From the records below, transcribe only the lines running from the one with "forall W, ent (cg_base G) W -> exists" through the one with "t(g,x) = (g α(x), t". Keep both of those end lines.

———

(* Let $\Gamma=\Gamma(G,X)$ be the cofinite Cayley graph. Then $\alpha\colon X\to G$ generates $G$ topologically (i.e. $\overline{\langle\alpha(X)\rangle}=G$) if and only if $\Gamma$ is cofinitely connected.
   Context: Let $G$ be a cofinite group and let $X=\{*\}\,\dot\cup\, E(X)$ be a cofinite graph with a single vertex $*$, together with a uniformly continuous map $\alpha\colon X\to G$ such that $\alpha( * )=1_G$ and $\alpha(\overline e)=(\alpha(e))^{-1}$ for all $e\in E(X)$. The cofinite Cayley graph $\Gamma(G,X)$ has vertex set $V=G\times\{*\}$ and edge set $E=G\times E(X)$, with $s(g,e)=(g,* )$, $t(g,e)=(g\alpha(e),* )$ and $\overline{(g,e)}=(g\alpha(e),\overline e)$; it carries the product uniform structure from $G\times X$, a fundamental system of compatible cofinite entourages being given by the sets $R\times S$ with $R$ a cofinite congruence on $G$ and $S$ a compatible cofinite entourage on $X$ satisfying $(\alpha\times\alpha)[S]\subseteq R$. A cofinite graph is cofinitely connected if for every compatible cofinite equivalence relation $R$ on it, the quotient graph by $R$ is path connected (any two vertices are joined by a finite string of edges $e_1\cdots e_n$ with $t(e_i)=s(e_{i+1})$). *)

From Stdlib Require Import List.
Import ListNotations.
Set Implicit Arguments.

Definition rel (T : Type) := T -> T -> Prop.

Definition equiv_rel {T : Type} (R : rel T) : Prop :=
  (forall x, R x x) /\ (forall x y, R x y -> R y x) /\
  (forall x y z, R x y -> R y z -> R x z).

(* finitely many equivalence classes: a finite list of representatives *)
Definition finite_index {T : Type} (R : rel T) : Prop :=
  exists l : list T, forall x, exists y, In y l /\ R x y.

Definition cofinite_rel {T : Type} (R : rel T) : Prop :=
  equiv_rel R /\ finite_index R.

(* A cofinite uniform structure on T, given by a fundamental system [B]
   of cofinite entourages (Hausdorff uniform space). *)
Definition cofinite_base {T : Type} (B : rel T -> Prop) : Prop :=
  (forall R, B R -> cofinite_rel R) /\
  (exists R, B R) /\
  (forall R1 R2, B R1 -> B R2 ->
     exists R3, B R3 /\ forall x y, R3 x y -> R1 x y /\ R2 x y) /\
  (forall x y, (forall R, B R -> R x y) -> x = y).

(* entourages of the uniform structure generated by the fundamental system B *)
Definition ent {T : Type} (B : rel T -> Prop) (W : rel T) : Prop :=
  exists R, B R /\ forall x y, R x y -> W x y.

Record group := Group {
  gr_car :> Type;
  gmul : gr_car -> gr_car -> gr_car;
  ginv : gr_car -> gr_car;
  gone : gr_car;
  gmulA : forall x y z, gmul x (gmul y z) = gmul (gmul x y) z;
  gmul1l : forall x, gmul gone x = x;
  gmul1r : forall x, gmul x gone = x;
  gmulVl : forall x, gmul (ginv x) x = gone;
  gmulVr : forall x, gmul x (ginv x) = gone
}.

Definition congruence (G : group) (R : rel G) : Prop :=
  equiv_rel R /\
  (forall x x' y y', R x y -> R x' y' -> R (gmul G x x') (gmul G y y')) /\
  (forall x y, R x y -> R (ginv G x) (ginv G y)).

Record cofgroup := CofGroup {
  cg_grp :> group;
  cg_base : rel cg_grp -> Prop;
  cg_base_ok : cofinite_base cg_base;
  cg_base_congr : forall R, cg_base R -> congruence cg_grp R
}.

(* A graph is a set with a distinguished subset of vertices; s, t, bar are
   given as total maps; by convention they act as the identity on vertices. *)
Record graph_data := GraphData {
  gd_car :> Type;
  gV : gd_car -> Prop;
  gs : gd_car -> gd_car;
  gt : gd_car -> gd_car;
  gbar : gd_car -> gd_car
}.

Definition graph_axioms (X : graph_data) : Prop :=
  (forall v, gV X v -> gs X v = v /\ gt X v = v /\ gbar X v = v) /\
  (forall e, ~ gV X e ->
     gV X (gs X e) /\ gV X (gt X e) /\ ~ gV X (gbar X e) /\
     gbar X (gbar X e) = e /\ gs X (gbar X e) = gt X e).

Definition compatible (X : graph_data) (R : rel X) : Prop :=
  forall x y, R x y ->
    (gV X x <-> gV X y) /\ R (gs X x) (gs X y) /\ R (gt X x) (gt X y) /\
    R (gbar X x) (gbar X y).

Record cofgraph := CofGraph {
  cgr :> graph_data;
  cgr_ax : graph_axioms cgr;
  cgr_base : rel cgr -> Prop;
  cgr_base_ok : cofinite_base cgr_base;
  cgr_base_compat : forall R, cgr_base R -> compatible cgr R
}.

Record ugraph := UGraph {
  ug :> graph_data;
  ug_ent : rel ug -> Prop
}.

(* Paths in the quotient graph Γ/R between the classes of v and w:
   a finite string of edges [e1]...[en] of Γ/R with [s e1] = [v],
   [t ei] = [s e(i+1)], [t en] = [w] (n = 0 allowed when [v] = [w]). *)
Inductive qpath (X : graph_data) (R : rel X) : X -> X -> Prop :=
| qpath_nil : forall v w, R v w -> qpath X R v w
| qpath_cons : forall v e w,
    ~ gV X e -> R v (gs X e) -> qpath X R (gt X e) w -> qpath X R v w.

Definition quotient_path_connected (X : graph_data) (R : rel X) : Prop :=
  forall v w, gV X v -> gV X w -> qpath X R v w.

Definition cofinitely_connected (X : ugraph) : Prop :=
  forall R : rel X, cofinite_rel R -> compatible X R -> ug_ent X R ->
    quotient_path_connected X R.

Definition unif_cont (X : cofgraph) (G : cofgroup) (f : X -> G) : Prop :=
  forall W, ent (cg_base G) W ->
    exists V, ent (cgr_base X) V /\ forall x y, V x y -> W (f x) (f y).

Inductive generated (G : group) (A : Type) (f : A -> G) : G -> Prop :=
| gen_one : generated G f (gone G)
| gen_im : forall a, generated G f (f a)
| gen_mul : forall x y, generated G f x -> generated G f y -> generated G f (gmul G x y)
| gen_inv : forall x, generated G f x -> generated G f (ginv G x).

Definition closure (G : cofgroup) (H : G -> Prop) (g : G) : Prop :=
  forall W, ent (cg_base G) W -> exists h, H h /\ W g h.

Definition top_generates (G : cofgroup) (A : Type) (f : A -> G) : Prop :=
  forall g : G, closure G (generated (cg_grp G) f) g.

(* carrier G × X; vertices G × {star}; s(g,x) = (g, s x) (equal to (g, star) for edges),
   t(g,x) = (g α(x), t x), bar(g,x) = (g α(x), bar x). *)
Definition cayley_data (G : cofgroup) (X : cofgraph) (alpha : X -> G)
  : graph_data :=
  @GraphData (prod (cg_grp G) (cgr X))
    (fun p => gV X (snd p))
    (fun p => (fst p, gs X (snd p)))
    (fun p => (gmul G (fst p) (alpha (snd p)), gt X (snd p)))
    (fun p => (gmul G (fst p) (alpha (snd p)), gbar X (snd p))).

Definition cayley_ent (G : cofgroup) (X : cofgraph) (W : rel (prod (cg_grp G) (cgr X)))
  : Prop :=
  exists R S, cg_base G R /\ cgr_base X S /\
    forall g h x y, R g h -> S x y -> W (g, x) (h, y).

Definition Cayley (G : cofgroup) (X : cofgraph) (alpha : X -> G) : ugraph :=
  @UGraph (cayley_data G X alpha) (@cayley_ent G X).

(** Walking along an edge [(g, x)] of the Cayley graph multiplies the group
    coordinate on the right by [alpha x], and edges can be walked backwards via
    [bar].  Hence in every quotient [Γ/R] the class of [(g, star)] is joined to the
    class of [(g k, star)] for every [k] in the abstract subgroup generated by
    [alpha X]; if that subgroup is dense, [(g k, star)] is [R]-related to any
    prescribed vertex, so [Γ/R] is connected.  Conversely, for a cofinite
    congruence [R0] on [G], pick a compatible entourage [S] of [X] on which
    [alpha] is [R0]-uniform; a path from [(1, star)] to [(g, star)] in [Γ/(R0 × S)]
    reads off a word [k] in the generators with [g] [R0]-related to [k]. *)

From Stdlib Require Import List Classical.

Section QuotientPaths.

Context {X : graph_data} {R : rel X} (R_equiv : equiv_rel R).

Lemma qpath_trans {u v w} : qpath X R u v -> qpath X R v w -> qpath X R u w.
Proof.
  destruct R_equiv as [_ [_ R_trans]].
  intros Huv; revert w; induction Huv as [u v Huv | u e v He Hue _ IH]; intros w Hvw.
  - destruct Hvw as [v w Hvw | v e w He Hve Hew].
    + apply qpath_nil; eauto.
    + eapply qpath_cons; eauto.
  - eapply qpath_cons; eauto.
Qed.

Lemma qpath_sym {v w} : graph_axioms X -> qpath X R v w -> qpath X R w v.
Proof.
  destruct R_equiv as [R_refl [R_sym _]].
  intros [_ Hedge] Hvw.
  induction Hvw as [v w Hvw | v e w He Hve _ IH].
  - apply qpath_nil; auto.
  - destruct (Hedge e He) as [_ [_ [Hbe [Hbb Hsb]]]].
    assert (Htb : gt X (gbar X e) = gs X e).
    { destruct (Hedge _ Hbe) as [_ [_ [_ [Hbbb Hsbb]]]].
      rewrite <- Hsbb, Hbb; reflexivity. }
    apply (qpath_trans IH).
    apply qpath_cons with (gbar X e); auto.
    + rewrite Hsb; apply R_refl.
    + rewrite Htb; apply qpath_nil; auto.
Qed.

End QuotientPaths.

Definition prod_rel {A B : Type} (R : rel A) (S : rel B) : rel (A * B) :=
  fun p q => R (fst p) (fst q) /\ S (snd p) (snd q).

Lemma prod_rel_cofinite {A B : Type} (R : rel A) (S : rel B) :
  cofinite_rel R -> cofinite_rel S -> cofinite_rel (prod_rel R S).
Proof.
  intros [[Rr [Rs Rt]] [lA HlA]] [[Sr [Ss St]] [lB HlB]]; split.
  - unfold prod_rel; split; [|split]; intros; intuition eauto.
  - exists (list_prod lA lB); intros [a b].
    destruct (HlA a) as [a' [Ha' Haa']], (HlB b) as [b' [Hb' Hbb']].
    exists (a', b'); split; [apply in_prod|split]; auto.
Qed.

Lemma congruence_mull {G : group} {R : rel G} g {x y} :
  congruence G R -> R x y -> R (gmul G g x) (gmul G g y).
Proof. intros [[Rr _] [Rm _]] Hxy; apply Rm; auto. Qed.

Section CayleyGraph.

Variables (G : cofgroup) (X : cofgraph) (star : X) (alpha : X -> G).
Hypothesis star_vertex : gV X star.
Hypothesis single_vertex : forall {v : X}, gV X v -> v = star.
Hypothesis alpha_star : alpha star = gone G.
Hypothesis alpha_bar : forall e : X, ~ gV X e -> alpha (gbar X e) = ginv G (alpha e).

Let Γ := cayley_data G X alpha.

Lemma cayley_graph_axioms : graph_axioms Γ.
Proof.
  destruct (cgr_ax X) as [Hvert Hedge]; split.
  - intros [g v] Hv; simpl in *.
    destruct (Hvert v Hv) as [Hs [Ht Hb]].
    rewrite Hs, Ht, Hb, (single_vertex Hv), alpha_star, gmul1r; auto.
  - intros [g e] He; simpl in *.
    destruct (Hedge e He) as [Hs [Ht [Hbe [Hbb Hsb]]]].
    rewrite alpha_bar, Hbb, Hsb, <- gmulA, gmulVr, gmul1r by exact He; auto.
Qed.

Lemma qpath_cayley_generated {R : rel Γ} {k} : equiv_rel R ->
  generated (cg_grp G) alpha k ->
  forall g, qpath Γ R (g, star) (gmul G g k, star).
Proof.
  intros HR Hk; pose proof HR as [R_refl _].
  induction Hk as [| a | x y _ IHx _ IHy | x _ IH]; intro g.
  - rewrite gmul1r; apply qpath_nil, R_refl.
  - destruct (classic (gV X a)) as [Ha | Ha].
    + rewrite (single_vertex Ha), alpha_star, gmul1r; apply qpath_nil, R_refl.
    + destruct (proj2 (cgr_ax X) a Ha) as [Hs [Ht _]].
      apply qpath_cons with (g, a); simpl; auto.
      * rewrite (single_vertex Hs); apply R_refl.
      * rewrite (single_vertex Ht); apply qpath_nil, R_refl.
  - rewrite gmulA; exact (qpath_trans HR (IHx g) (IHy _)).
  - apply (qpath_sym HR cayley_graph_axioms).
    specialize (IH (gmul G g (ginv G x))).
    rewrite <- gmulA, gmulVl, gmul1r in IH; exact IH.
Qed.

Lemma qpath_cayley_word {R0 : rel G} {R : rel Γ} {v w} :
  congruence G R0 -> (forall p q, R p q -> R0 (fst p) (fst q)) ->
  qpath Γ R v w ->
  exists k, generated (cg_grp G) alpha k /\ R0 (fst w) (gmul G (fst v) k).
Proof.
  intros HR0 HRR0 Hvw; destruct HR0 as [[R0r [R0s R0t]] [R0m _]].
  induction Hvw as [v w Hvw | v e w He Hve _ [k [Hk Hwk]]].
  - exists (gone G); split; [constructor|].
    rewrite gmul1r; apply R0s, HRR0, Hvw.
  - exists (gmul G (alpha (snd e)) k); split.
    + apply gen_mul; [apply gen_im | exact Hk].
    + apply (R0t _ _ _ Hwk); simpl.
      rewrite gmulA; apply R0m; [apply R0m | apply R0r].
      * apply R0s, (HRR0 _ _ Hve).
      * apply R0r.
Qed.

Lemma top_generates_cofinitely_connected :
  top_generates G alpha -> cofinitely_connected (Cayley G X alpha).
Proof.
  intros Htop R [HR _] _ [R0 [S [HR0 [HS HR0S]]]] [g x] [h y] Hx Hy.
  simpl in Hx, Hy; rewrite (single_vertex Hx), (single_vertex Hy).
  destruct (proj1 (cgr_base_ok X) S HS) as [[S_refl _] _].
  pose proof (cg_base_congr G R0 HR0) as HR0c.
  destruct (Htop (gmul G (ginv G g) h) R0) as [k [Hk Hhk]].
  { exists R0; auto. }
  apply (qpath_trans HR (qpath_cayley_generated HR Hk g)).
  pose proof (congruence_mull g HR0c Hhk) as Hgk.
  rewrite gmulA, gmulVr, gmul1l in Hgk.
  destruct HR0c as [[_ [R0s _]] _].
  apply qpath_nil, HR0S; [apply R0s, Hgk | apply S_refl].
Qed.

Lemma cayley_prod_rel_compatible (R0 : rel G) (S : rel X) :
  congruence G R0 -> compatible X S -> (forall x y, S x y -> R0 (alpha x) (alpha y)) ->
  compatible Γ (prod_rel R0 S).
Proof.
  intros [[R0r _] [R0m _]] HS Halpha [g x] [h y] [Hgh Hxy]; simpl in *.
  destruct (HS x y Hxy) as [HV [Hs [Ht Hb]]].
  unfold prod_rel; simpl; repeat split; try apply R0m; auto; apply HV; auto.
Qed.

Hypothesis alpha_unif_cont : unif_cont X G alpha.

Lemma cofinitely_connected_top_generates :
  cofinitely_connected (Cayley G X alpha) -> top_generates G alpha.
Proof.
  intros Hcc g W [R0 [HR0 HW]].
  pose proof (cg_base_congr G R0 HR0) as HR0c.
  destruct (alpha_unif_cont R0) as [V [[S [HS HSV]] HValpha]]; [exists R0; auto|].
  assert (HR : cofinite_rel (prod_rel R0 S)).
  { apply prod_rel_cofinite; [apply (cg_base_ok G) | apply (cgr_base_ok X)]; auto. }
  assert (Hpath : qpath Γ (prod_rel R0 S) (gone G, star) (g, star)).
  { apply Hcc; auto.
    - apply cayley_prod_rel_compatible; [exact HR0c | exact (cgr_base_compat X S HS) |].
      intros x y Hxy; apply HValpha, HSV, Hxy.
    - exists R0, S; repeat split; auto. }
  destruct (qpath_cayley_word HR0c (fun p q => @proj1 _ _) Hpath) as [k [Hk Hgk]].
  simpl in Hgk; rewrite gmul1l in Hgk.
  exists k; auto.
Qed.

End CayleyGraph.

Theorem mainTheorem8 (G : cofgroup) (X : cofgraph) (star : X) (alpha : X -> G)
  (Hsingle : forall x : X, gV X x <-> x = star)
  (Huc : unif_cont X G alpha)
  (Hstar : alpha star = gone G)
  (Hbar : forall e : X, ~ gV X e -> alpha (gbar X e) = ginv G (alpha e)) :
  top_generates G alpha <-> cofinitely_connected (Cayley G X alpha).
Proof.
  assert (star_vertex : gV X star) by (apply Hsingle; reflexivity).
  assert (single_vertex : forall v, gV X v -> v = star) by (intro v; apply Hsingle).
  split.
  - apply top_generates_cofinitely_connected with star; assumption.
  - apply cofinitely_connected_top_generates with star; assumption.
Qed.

———

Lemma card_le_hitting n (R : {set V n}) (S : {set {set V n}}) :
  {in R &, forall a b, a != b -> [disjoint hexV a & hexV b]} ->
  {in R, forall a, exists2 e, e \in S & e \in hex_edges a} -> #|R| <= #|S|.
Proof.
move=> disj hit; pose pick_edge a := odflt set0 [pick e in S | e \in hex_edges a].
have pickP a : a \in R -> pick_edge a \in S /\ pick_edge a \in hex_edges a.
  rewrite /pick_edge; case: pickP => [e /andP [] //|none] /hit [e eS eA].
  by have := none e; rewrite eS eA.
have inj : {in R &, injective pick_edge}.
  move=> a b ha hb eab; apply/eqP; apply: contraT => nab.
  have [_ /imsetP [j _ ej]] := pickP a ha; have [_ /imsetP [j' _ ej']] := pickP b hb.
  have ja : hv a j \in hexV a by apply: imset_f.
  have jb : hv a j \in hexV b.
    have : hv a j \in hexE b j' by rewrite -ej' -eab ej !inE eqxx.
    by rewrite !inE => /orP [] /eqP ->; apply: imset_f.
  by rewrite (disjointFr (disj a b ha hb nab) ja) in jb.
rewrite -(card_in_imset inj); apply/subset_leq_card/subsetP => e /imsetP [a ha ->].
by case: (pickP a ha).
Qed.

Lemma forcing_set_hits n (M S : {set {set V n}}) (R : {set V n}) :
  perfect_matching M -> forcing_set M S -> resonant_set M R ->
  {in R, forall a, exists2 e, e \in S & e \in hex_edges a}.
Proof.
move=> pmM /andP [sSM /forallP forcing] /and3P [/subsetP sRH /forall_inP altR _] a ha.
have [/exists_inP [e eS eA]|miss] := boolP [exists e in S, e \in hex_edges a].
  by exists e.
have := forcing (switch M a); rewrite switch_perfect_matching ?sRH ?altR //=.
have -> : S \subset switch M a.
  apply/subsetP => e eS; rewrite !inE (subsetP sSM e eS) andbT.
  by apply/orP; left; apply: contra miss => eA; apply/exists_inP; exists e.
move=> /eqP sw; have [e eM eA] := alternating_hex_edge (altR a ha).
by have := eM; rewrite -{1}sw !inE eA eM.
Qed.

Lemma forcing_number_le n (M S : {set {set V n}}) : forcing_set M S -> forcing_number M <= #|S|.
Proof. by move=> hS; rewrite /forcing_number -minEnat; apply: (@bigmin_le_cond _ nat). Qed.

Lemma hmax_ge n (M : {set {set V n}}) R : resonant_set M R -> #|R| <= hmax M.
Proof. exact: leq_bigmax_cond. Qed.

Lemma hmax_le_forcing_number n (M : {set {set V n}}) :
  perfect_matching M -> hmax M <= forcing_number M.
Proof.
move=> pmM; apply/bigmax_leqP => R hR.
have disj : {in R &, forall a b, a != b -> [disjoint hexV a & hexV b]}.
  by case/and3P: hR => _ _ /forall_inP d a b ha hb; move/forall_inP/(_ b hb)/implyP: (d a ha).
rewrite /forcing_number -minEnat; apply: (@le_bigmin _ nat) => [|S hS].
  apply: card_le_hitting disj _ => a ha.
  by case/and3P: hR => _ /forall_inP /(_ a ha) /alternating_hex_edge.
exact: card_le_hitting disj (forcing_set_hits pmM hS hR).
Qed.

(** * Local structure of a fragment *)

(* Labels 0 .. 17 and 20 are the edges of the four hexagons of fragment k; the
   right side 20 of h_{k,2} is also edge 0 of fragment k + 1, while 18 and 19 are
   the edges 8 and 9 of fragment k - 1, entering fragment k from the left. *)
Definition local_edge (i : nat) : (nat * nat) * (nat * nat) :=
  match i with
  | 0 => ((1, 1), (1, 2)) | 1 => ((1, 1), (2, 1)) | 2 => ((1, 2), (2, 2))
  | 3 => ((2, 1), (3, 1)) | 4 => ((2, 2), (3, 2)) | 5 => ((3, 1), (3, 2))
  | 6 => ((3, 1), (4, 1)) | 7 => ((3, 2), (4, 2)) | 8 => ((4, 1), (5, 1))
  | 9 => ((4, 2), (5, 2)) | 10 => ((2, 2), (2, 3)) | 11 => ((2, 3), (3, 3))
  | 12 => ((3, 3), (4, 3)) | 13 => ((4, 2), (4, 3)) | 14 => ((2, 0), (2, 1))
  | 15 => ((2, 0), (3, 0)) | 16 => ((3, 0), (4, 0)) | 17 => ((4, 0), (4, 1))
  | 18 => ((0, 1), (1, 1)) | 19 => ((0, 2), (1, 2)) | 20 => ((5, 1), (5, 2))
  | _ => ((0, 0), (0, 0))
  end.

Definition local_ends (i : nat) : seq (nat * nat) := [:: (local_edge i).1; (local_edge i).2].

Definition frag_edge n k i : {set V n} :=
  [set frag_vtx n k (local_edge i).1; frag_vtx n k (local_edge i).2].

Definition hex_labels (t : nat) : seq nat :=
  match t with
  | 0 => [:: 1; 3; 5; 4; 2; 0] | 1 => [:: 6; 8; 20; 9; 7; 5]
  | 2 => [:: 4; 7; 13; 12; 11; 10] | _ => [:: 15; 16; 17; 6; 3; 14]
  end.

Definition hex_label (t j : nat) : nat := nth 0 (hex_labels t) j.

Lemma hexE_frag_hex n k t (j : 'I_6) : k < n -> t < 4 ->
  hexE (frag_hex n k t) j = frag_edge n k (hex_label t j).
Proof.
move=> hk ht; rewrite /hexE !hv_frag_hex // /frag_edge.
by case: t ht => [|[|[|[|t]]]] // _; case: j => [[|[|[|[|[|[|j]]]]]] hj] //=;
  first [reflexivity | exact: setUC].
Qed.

———

(SOLUTION TO THIS PROBLEM):
  forall W, ent (cg_base G) W -> exists h, H h /\ W g h.

Definition top_generates (G : cofgroup) (A : Type) (f : A -> G) : Prop :=
  forall g : G, closure G (generated (cg_grp G) f) g.

(* carrier G × X; vertices G × {star}; s(g,x) = (g, s x) (equal to (g, star) for edges),
   t(g,x) = (g α(x), t x), bar(g,x) = (g α(x), bar x). *)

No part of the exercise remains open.